As ever, comments, feedback and critique welcome because I know very little about Lucene. There may be alternative ways of achieving this. There may also be issues with this this code that I’m not aware of but in any case it seem to work pretty well.

 

 

 

4 Comments

  • Hi!

    I used your code in order to fix the facet problem with Hibernate SEarch 4.4.2 and for the moment seems to be fine…do you know any problem with this solution?

    Thanks in advance!

    • I’m using it myself for a project in development. So far, I haven’t found any issues or problems.

      I’ve added another count() method to the class which takes a List of Facet objects rather than a list of TermQuery’s to avoid looping twice. However, the method does cast each Facet’s Query to a TermQuery so it’s not exactly safe outside of a certain context.

      In addition, the FacetView List returned from the count method is not ideal because as mentioned in the blog, the DomId generation is daft. I’ve found it handier in fact to just return a list of Facet implementations rather than a list of (demonstration purposes only) FacetView objects.

      But, yep, in general, I’ve found no problems at all.

      If you do, I’d be very very interested to hear about them.
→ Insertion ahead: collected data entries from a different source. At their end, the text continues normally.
Lemma calK_rec k : (2 <= k)%N -> calK k.+2 = 'X * calK k.+1 - 'X * calK k.
Proof.
move=> k2; set e := char_Mmat_entry; rewrite !calK_det.
rewrite (expand_det_mx_of_fun_col0 (k := k)) => [|i /andP[i2 ik]]; last first.
  rewrite /e /char_Mmat_entry.
  have -> : (i == 0)%N = false by lia.
  have -> : (i <= 1)%N = false by lia.
  have -> : (0 == k.+2 - 3)%N = false by lia.
  by rewrite andbF /= subr0.
have shift1 : mx_of_fun k.+1 (fun a b => e k.+2 a.+1 b.+1) = mx_of_fun k.+1 (e k.+1).
  by apply: eq_mx_of_fun => a b _ _; exact: char_Mmat_entry_shift.
rewrite shift1 (det_mx_of_fun_row0_update
  (g := fun a b => e k.+2 (bump 1 a) b.+1) (h := e k.+1)); last first.
  by move=> [|i] [|j] // _ _ _; rewrite /e /bump /= ?char_Mmat_entry_shift.
rewrite /= (eq_mx_of_fun (n := k) (g := e k)) => [|a b _ _]; last first.
  by rewrite /e /bump add1n !char_Mmat_entry_shift.
rewrite /e /char_Mmat_entry /= polyC1.
by move: (\det _) (\det _) => x y; ring.
Qed.

Lemma calK_Kpoly n : (2 <= n)%N -> calK n = 'X ^+ (n.+1)./2 * Kpoly n.
Proof.
elim/ltn_ind: n => -[|[|[|[|k]]]] IH // _.
- rewrite calK_det det_mx_of_fun2 /char_Mmat_entry /= !polyC_natr expr1.
  by move: ('X : {poly algC}) => x; ring.
- rewrite calK_det det_mx_of_fun3 /char_Mmat_entry /= !polyC_natr.
  by move: ('X : {poly algC}) => x; ring.
rewrite calK_rec // (IH k.+3) // (IH k.+2) // (KpolySS k.+2).
have -> : odd k.+2 = odd k by rewrite /= negbK.
rewrite (_ : k.+4./2 = (k./2).+2) // (_ : k.+3./2 = (k.+1./2).+1) //.
rewrite (_ : k.+1.+4./2 = (k.+1./2).+2) //.
rewrite (_ : k.+1./2 = (odd k + k./2)%N); last exact: uphalf_half.
move: (Kpoly k.+3) (Kpoly k.+2) ('X : {poly algC}) => p q x.
by case: (odd k); rewrite ?add0n ?add1n !exprS; ring.
Qed.

Lemma root_Xn_prod_XsubC (F : fieldType) u (s : seq F) z : (0 < u)%N ->
  root ('X^u * \prod_(x <- s) ('X - x%:P)) z = (z == 0) || (z \in s).
Proof. by move=> u_gt0; rewrite rootM root_prod_XsubC rootE hornerXn expf_eq0 u_gt0. Qed.

Lemma mup_Xn_prod_XsubC (F : fieldType) u (s : seq F) z :
  mup z ('X^u * \prod_(x <- s) ('X - x%:P))
  = ((if z == 0%R then u else 0) + count_mem z s)%N.
Proof.
rewrite mupM ?monic_neq0 ?monicXn ?monic_prod_XsubC // mu_prod_XsubC.
have -> : 'X^u = ('X - 0%:P) ^+ u :> {poly F} by rewrite polyC0 subr0.
by rewrite mup_XsubCX eq_sym.
Qed.

Theorem theorem3 :
  (forall (n : nat) (z : algC), root (Kpoly n) z ->
      z \is Num.real /\ 0 < z /\ z < 4)
  /\
  (forall n : nat, (3 <= n)%N ->
      (forall z : algC, root (calK n) z ->
          z \is Num.real /\ 0 <= z /\ z < 4)
   /\ mup 0 (calK n) = (n.+1)./2
   /\ (exists s : seq algC,
         [/\ uniq s, size s = n./2
           & forall z : algC, (z \in s) = (z != 0) && root (calK n) z])
   /\ (forall z : algC, z != 0 -> root (calK n) z -> mup z (calK n) = 1%N)).
Proof.
split=> [n z|n n3]; first exact: root_Kpoly_bounds.
have [s [s_uniq s_size Ks s_bounds]] := Kpoly_prod_XsubC (ltnW n3).
have calKE : calK n = 'X^((n.+1)./2) * \prod_(x <- s) ('X - x%:P).
  by rewrite calK_Kpoly ?Ks // ltnW.
have rootE z : root (calK n) z = (z == 0) || (z \in s).
  by rewrite calKE root_Xn_prod_XsubC //; have := odd_double_half n.+1; lia.
have s0 : 0 \notin s by apply/negP => /s_bounds; rewrite ltxx.
split; [|split; [|split]].
- move=> z; rewrite rootE => /orP[/eqP->|/s_bounds/andP[z0 z4]].
    by rewrite real0 lexx ltr0n.
  by rewrite gtr0_real // ltW.
- by rewrite calKE mup_Xn_prod_XsubC eqxx (count_memPn s0) addn0.
- exists s; split => // z; rewrite rootE.
  by case: eqVneq => [->|] //=; apply/negbTE.
- move=> z z0; rewrite rootE calKE mup_Xn_prod_XsubC (negbTE z0) /= => zs.
  by rewrite count_uniq_mem ?zs.
Qed.
Local Notation w := (weightY e gen).
Local Notation wC := (weightY e gen setT).
Local Notation branch := (branch e).

Lemma kY_setT : kY e setT = 0%N.
Proof.
apply/eqP; rewrite cards_eq0; apply/eqP/setP => p.
by rewrite !inE andbF.
Qed.

Lemma genusC_weight : 2 * genusC e gen - 2 = wC%:Z.
Proof.
by have := degomega_weight esym eirr Hst setT; rewrite /degomega kY_setT addr0.
Qed.

Lemma genus_tail (Z : {set 'I_n}) : kY e Z = 1%N -> 2 * genusY e gen Z - 1 = (w Z)%:Z.
Proof.
by move=> kZ; have := degomega_weight esym eirr Hst Z; rewrite /degomega kZ; lia.
Qed.

Lemma weightC_ge2 : (2 <= wC)%N.
Proof. by have := genusC_weight; lia. Qed.

Lemma weight_branch_r c : e r c -> (2 * w (branch c r) <= wC)%N.
Proof.
move=> erc; have ecr : e c r by rewrite esym.
have gB : 2 * genusY e gen (branch c r) <= genusC e gen.
  have compB := branch_component esym ebridge erc.
  by case: Hpr => [/(_ _ compB) /ltW | [_ /(_ _ compB)]].
have := genus_tail (kY_branch esym ebridge ecr).
by have := genusC_weight; lia.
Qed.

Lemma weight_tail (Z : {set 'I_n}) : kY e Z = 1%N -> r \notin Z -> (2 * w Z <= wC)%N.
Proof.
move=> kZ rZ; have [c erc ZB] := tail_in_branch esym econn ebridge kZ rZ.
by apply: leq_trans (weight_branch_r erc); rewrite leq_mul2l weightY_sub.
Qed.

Lemma small_tailE (Z : {set 'I_n}) :
  small_tail e gen r Z = (kY e Z == 1%N) && (r \notin Z).
Proof.
rewrite /small_tail /tail; case: eqP => //= kZ.
have gZ := genus_tail kZ; have gC := genusC_weight.
case rZ: (r \in Z) => /=; last by have := weight_tail kZ (negbT rZ); lia.
have kZc : kY e (~: Z) = 1%N by rewrite kY_compl.
have := weight_tail kZc; rewrite in_setC rZ => /(_ isT).
by have := weightYC e gen Z; rewrite andbF orbF; lia.
Qed.

(* The share of the canonical degree carried by Y; since deg omega_C = w_C,
   for a multidegree of total degree 1 the semistability condition compares
   d_Y with share Y. *)
Definition share (Y : {set 'I_n}) : rat := (w Y)%:R / wC%:R.

Lemma weightC_gt0 : (0 : rat) < wC%:R.
Proof. by rewrite ltr0n; apply: leq_trans weightC_ge2. Qed.

Lemma share_ge0 Y : 0 <= share Y.
Proof. by rewrite divr_ge0 ?ler0n. Qed.

Lemma share_le1 Y : share Y <= 1.
Proof.
rewrite ler_pdivrMr ?weightC_gt0 // mul1r ler_nat.
by apply: weightY_sub => v; rewrite in_setT.
Qed.

Lemma shareC Y : share (~: Y) = 1 - share Y.
Proof.
rewrite /share.
have -> : (w (~: Y))%:R = wC%:R - (w Y)%:R :> rat.
  by rewrite -(weightYC e gen Y) natrD addrK.
by rewrite mulrBl divff // lt0r_neq0 // weightC_gt0.
Qed.

Lemma share_tail (Z : {set 'I_n}) : kY e Z = 1%N -> r \notin Z -> share Z <= 1 / 2.
Proof.
move=> kZ rZ; rewrite /share ler_pdivrMr ?weightC_gt0 //.
by have := weight_tail kZ rZ; rewrite -(ler_nat rat) natrM; lra.
Qed.

Lemma share_le_kY (Y : {set 'I_n}) : Y != set0 -> Y != setT -> r \notin Y ->
  share Y <= (kY e Y)%:R / 2.
Proof.
move=> Y0 YT rY; have := kY_pos econn Y0 YT.
case: (ltngtP (kY e Y) 1) => [//| kY2 _ | kY1 _].
  apply: le_trans (share_le1 Y) _.
  by rewrite ler_pdivlMr // mul1r ler_nat.
by rewrite kY1; apply: share_tail.
Qed.

Lemma deviationE (d : multideg n) (Y : {set 'I_n}) : totdeg d = 1 ->
  (degY d Y)%:~R - slope e gen d * (degomega e gen Y)%:~R = (degY d Y)%:~R - share Y :> rat.
Proof.
move=> d1; rewrite /slope d1 degomega_weight // genusC_weight.
by rewrite /share mul1r mulrC.
Qed.

Lemma degY_e1 (Y : {set 'I_n}) : degY (e1 r) Y = (r \in Y : nat)%:Z.
Proof.
rewrite /degY /e1 (eq_bigr (fun k => ((k == r) : nat)%:Z)) => [|k _]; last by case: eqP.
by under eq_bigr do rewrite eq_sym; rewrite sum_delta.
Qed.

Lemma totdeg_e1 : totdeg (e1 r) = 1.
Proof. by rewrite /totdeg degY_e1 in_setT. Qed.

(* e1 is semistable: its deviation is share (~: Y) or - share Y. *)
Lemma e1_semistable : semistable e gen (e1 r).
Proof.
move=> Y Y0 YT; rewrite deviationE ?totdeg_e1 // degY_e1.
case rY: (r \in Y) => /=.
  have Yc0 : ~: Y != set0 by apply: contraNneq YT => Yc0; rewrite -[Y]setCK Yc0 setC0.
  have YcT : ~: Y != setT by apply: contraTneq rY => YcT; rewrite -[Y]setCK YcT setCT inE.
  rewrite -shareC ger0_norm ?share_ge0 // -(kY_compl esym Y).
  by apply: share_le_kY; rewrite // in_setC rY.
by rewrite sub0r normrN ger0_norm ?share_ge0 //; apply: share_le_kY; rewrite ?rY.
Qed.

(* On Y containing r the deviation share (~: Y) is nonnegative, a fortiori
   strictly above - k_Y / 2. *)
Lemma e1_quasistable : quasistable e gen r (e1 r).
Proof.
split; first exact: e1_semistable.
move=> Y rY YT; rewrite deviationE ?totdeg_e1 // degY_e1 rY -shareC.
by apply: lt_le_trans (share_ge0 _); rewrite oppr_lt0 divr_gt0 // ltr0n kY_pos //;
   apply/set0Pn; exists r.
Qed.

Lemma totdegE (d : multideg n) : totdeg d = \sum_x d x.
Proof. by apply: eq_bigl => x; rewrite in_setT. Qed.

Lemma degYC (d : multideg n) (Y : {set 'I_n}) : degY d (~: Y) = totdeg d - degY d Y.
Proof.
rewrite totdegE (bigID (mem Y)) /= addrC addrK.
by apply: eq_bigl => x; rewrite inE.
Qed.

(* A quasistable d of total degree 1 has degree 0 on each tail Z avoiding r:
   semistability on Z and strict quasistability on its complement pin d_Z
   into the open interval (-1, 1). *)
Lemma quasistable_tail (d : multideg n) (Z : {set 'I_n}) :
  totdeg d = 1 -> quasistable e gen r d -> kY e Z = 1%N -> r \notin Z -> degY d Z = 0.
Proof.
move=> d1 [dss dqs] kZ rZ.
have [a [b [_ _ ZE]]] := tail_branch esym econn ebridge kZ.
have Z0 : Z != set0 by apply/set0Pn; exists a; rewrite ZE branch_root.
have ZT : Z != setT by apply: contraNneq rZ => ->; rewrite in_setT.
have rZc : r \in ~: Z by rewrite in_setC.
have ZcT : ~: Z != setT by apply: contraNneq Z0 => Zc; rewrite -[Z]setCK Zc setCT.
have := dss Z Z0 ZT; rewrite deviationE // kZ ler_norml => /andP [lo _].
have := dqs _ rZc ZcT; rewrite deviationE // kY_compl // kZ degYC d1 shareC intrB.
have := share_tail kZ rZ; have := share_ge0 Z => ? ? up.
have : degY d Z < 1 by rewrite -(ltr_int rat); lra.
have : -1 < degY d Z by rewrite -(ltr_int rat); lra.
lia.
Qed.

(* Hence d vanishes off r: at u != r, the branches at u avoiding r have
   degree 0 and the one containing r has degree 1, the complement of a tail
   avoiding r. *)
Lemma quasistable_unique (d : multideg n) :
  totdeg d = 1 -> quasistable e gen r d -> d =1 e1 r.
Proof.
move=> d1 dqs.
have d0 u : u != r -> d u = 0.
  move=> ur; have ru : r != u by rewrite eq_sym.
  have [p eup rB] := branches_cover esym econn ebridge ru.
  have epu : e p u by rewrite esym.
  have Bp1 : degY d (branch p u) = 1.
    rewrite -(branchC esym econn ebridge eup) degYC d1 quasistable_tail ?subr0 //.
      exact: (kY_branch esym ebridge).
    by rewrite -in_setC branchC.
  have Bc0 c : e u c && (c != p) -> degY d (branch c u) = 0.
    case/andP=> euc cp; have ecu : e c u by rewrite esym.
    apply: quasistable_tail => //; first exact: (kY_branch esym ebridge).
    by apply: (branches_disjoint esym eirr econn ebridge epu) rB; rewrite // eq_sym.
  have := sum_branches esym eirr econn ebridge u d.
  rewrite -totdegE d1 (bigD1 p) //= -/(degY d (branch p u)) Bp1.
  rewrite big1 => [|c /Bc0 //]; rewrite addr0.
  lia.
move=> k; rewrite /e1; case: eqVneq => [-> | kr]; last exact: d0.
by rewrite -d1 totdegE (bigD1 r) //= big1 ?addr0.
Qed.
(* Let $\alpha>-1$, $d\in\widetilde{D}$, $p=(L_n^{(\alpha+1)})_{n\in\mathbb{N}_0}$, $q=(L_n^{(\alpha)})_{n\in\mathbb{N}_0}$, and let $T=E_{p,d}$ be regarded as an operator in $H(q)$ with domain $\mathcal{P}_c$. Suppose $f=\sum_kf_kq_k$ and $g=\sum_kg_kq_k$ in $H(q)$ are such that $(f,g)$ lies in the closure of the graph $G(T)$ in $H(q)\times H(q)$. Then: (a) there exists an array $(h_{n,u})_{n,u\in\mathbb{N}_0}$ of complex numbers such that (a1) $h_{n,u}=0$ for all $u>n$; (a2) $\lim_{n\to\infty}h_{n,u}=f_u$ for each $u\in\mathbb{N}_0$; (a3) $\lim_{n\to\infty}h_{n,n}d_n=0$; (a4) $\lim_{n\to\infty}\sum_{u=1}^nh_{n,u}(d_u-d_{u-1})=g_0-f_0d_0$; (b) for every $k\in\mathbb{N}$, $g_k=g_0-f_0d_0+f_kd_k-\sum_{u=1}^kf_u(d_u-d_{u-1})$.
   Context: $\mathcal{P}_c$ is the space of polynomials in one real variable with complex coefficients. For $\beta>-1$, $L_n^{(\beta)}(x)=\sum_{k=0}^n\frac{(-1)^k}{k!}\binom{n+\beta}{n-k}x^k$ is the generalized Laguerre polynomial. For a sequence $Q=(Q_n)$ of polynomials with $\deg Q_n=n$, $H(Q)$ is the completion of $\mathcal{P}_c$ with respect to the inner product making $(Q_n)$ orthonormal; $g\in H(Q)$ is written $g=\sum_kg_kQ_k$, $(g_k)\in\ell_2$. $\widetilde{D}$ is the set of non-constant sequences of non-zero complex numbers. For a polynomial sequence $p$ and $d\in\widetilde{D}$, $E_{p,d}$ is the linear map on $\mathcal{P}_c$ with $E_{p,d}(p_n)=d_np_n$. *)

From HB Require Import structures.
From mathcomp Require Import all_boot all_order all_algebra.
From mathcomp Require Import all_classical all_reals all_analysis.
From mathcomp Require Import complex.
Set Implicit Arguments. Unset Strict Implicit. Unset Printing Implicit Defensive.
Import Order.TTheory GRing.Theory Num.Theory numFieldNormedType.Exports.
Local Open Scope classical_set_scope.
Local Open Scope ring_scope.

Section LaguerreDefs.
Variable R : realType.
Local Notation C := R[i].

Definition cabs (z : C) : R := complex.Re `|z|.

Definition cvgC (u : nat -> C) (l : C) : Prop :=
  (fun n => cabs (u n - l)) @ \oo --> (0 : R).

Definition gbinom (x : C) (m : nat) : C :=
  (\prod_(j < m) (x - j%:R)) / (m`!)%:R.

Definition laguerre (beta : R) (n : nat) : {poly C} :=
  \sum_(k < n.+1)
     (((-1) ^+ k / (k`!)%:R) * gbinom (n%:R + (beta%:C)%C) (n - k)) *: 'X^k.

Definition Dtilde (d : nat -> C) : Prop :=
  (forall n, d n != 0) /\ exists m n, d m != d n.

(* graph of E_{p,d} : P_c -> P_c, the linear map with E(p_n) = d_n p_n *)
Definition graphE (p : nat -> {poly C}) (d : nat -> C) (P TP : {poly C}) : Prop :=
  exists (N : nat) (c : nat -> C),
    P = \sum_(k < N) c k *: p k /\ TP = \sum_(k < N) (d k * c k) *: p k.

(* a : nat -> C is the (finitely supported) coefficient sequence of the
   polynomial P in the basis Q, i.e. the image of P in H(Q) ~ l2 *)
Definition coords (Q : nat -> {poly C}) (P : {poly C}) (a : nat -> C) : Prop :=
  exists N : nat, (forall k, (N <= k)%N -> a k = 0) /\
                  P = \sum_(k < N) a k *: Q k.

Definition l2norm2 (x : nat -> C) : \bar R :=
  (\sum_(0 <= k <oo) ((cabs (x k)) ^+ 2)%:E)%E.

Definition in_l2 (x : nat -> C) : Prop := (l2norm2 x < +oo)%E.

(* (f, g) in the closure in H(Q) x H(Q) of the graph of E_{p,d} (domain P_c),
   elements of H(Q) being represented by their coefficient sequences in l2 *)
Definition in_graph_closure (p Q : nat -> {poly C}) (d : nat -> C)
    (f g : nat -> C) : Prop :=
  exists (P TP : nat -> {poly C}) (a b : nat -> nat -> C),
    (forall m, graphE p d (P m) (TP m)) /\
    (forall m, coords Q (P m) (a m)) /\
    (forall m, coords Q (TP m) (b m)) /\
    (fun m => l2norm2 (fun k => a m k - f k)) @ \oo --> 0%E /\
    (fun m => l2norm2 (fun k => b m k - g k)) @ \oo --> 0%E.
Section regular_charts.
Context {R : realType} {X X0 : completeNormedModType R} {i : {linear X0 -> X}}.
Context {M M0 : topologicalType} {j : M0 -> M} {A : set (set M * (M -> X))}.
Hypothesis embedded : C1_embedded i j A.

Context {T : Type} {F : set_system T} {FF : Filter F} {u : T -> M0} {p : M0}.
Context {c : set M * (M -> X)} {phi0 : M0 -> X0}.
Hypotheses (Ac : A c) (cp : c.1 (j p)) (phi0c : restricts i j c phi0).

Lemma regular_domain_near : u @ F --> p -> \forall t \near F, c.1 (j (u t)).
Proof.
case: embedded => [[charts _] [_ j_open] _ _ _] up.
have [c_open _ _ _] := charts c Ac.
apply: (up (j @^-1` c.1)); apply: open_nbhs_nbhs; split; [exact: j_open | exact: cp].
Qed.

Let restricted_chart :
  exists2 phi : M0 -> X0, is_chart (j @^-1` c.1) phi &
    forall m, c.1 (j m) -> phi m = phi0 m.
Proof.
case: embedded => [[_ [i_inj _ _]] _ _ /(_ p c Ac cp) [phi [phic phi_chart]] _].
by exists phi => // m cm; apply: restricts_eq i_inj phic phi0c m cm.
Qed.

Lemma regular_chart_cvg : u @ F --> p -> (phi0 \o u) @ F --> phi0 p.
Proof.
have [phi phi_chart phi_phi0] := restricted_chart => up.
have near_dom := regular_domain_near up.
rewrite -phi_phi0 //; apply: cvg_trans (chart_cvg phi_chart cp up).
by apply: near_eq_cvg; near=> t; rewrite /= phi_phi0 //; near: t.
Unshelve. all: by end_near.
Qed.

Lemma regular_chart_cvg_inv : (\forall t \near F, c.1 (j (u t))) ->
  (phi0 \o u) @ F --> phi0 p -> u @ F --> p.
Proof.
have [phi phi_chart phi_phi0] := restricted_chart => near_dom phi0u.
apply: (chart_cvg_inv phi_chart) => //; rewrite phi_phi0 //.
apply: cvg_trans phi0u; apply: near_eq_cvg.
by near=> t; rewrite /= phi_phi0 //; near: t.
Unshelve. all: by end_near.
Qed.

End regular_charts.

Section curves_through_regular_charts.
Context {R : realType} {X X0 : completeNormedModType R} {i : {linear X0 -> X}}.
Context {M M0 : topologicalType} {j : M0 -> M} {A : set (set M * (M -> X))}.
Hypothesis embedded : C1_embedded i j A.
Context {f : R -> M0}.
Hypothesis f_cvg : f @ (0 : R) --> f 0.

Lemma restricted_curve_derivable {c} {phi0 : M0 -> X0} :
  A c -> c.1 (j (f 0)) -> restricts i j c phi0 ->
  derivable (phi0 \o f) 0 1 -> derivable (fun t => c.2 (j (f t))) 0 1.
Proof.
move=> Ac cf0 phi0c phi0f_der.
case: embedded => [[_ [_ _ [C _ iC]]] _ _ _ _].
have near_c := regular_domain_near embedded Ac cf0 f_cvg.
apply: (proj1 (derive1_linear_approx iC phi0f_der _)) => e e0.
near=> t; have ct : c.1 (j (f t)) by near: t.
by rewrite /= -(phi0c _ ct) -(phi0c _ cf0) linearB subrr normr0 mulr_ge0 ?normr_ge0 // ltW.
Unshelve. all: by end_near.
Qed.

Lemma regular_chart_chain_rule {c d} {phi0 : M0 -> X0} {G : X0 -> X}
    {DG : X0 -> {linear X -> X}} :
  A c -> A d -> c.1 (j (f 0)) -> d.1 (j (f 0)) -> restricts i j c phi0 ->
  (forall m, c.1 (j m) -> d.1 (j m) -> G (phi0 m) = d.2 (j m)) ->
  frakC1 i (phi0 @` (j @^-1` (c.1 `&` d.1))) G DG ->
  derivable (fun t => c.2 (j (f t))) 0 1 ->
  derivable (fun t => d.2 (j (f t))) 0 1 /\
  'D_1 (fun t => d.2 (j (f t))) 0 =
    DG (phi0 (f 0)) ('D_1 (fun t => c.2 (j (f t))) 0).
Proof.
move=> Ac Ad cf0 df0 phi0c G_trans G_C1 c_der.
have U0f0 : (phi0 @` (j @^-1` (c.1 `&` d.1))) (phi0 (f 0)) by exists (f 0).
have [_ DG_bounded _ _] := G_C1.
have [C DGC] := DG_bounded _ U0f0.
have near_c := regular_domain_near embedded Ac cf0 f_cvg.
have near_d := regular_domain_near embedded Ad df0 f_cvg.
have phi0f_cvg : (phi0 \o f) @ (0 : R) --> phi0 (f 0).
  by apply: (regular_chart_cvg embedded Ac cf0 phi0c); exact: f_cvg.
apply: (derive1_linear_approx DGC c_der) => e e0.
have G_rem := phi0f_cvg _ (frakC1_remainder_le G_C1 _ U0f0 _ e0).
near=> t; have [ct dt] : c.1 (j (f t)) /\ d.1 (j (f t)) by split; near: t.
rewrite -(G_trans _ ct dt) -(G_trans _ cf0 df0) -(phi0c _ ct) -(phi0c _ cf0).
by near: t.
Unshelve. all: by end_near.
Qed.

End curves_through_regular_charts.

Theorem lemma2p7 (R : realType) (X X0 : completeNormedModType R)
    (i : {linear X0 -> X}) (M M0 : topologicalType) (j : M0 -> M)
    (A : set (set M * (M -> X)))
    (hM : banach_manifold M X) (hM0 : banach_manifold M0 X0)
    (hemb : C1_embedded i j A) (hspread : inward_spreadable i j A)
    (eta : M0) (f : R -> M0) (hf0 : f 0 = eta)
    (hstrong : strongly_differentiable_at0 i j A f) :
  (forall c, A c -> c.1 (j eta) ->
     (\forall t \near (0 : R), c.1 (j (f t))) /\
     derivable (fun t : R => c.2 (j (f t))) 0 1) /\
  (forall c d, A c -> A d -> c.1 (j eta) -> d.1 (j eta) ->
     forall (phi0 : M0 -> X0), restricts i j c phi0 ->
     forall (F : X0 -> X) (DF : X0 -> {linear X -> X}),
       (forall m, c.1 (j m) -> d.1 (j m) -> F (phi0 m) = d.2 (j m)) ->
       frakC1 i (phi0 @` (j @^-1` (c.1 `&` d.1))) F DF ->
       'D_1 (fun t : R => d.2 (j (f t))) 0 =
         DF (phi0 eta) ('D_1 (fun t : R => c.2 (j (f t))) 0)).
Proof.
subst eta; case: hstrong => c0 [p0 [Ac0 c0f0 p0c0 near_c0 p0f_der]].
have f_cvg : f @ (0 : R) --> f 0.
  apply: (regular_chart_cvg_inv hemb Ac0 c0f0 p0c0 near_c0).
  exact/differentiable_continuous/derivable1_diffP.
have c0f_der := restricted_curve_derivable hemb f_cvg Ac0 c0f0 p0c0 p0f_der.
have c_der c : A c -> c.1 (j (f 0)) -> derivable (fun t => c.2 (j (f t))) 0 1.
  move=> Ac cf0; have [_ _ _ _ D5] := hemb.
  have [G [DG [G_trans G_C1]]] := (D5 _ _ _ Ac0 Ac c0f0 cf0).1 _ p0c0.
  by have [] := regular_chart_chain_rule hemb f_cvg Ac0 Ac c0f0 cf0 p0c0 G_trans G_C1 c0f_der.
split=> [c Ac cf0 | c d Ac Ad cf0 df0 phi0 phi0c G DG G_trans G_C1].
  split; last exact: c_der.
  exact: (regular_domain_near hemb Ac cf0 f_cvg).
by have [] := regular_chart_chain_rule hemb f_cvg Ac Ad cf0 df0 phi0c G_trans G_C1 (c_der _ Ac cf0).
Qed.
Thank you for taking an interest in this, I was looking forward to some critique and feedback on this one in particular.

      Remember, full credit to the contributors on this thread: http://sujitpal.blogspot.ie/2007/04/lucene-search-within-search-with.html

  • Hi John, have you made any attempts at getting this to work with hibernate-search 5.1? I know the Lucene API changed from v3 to v4, so I’m not sure if any work has been done to get this working. It also looks like Hardy is working on a new Faceting implementation, however it’s looking like it’s a low priority task and could be some time before being completed. https://hibernate.atlassian.net/browse/HSEARCH-809

    • Hi George

      I haven’t looked into hibernate-search 5.1 at all actually. I take it this technique does not work in 5.1?

      If you do get something working please feel free to post a link or information here.

      Thanks
      John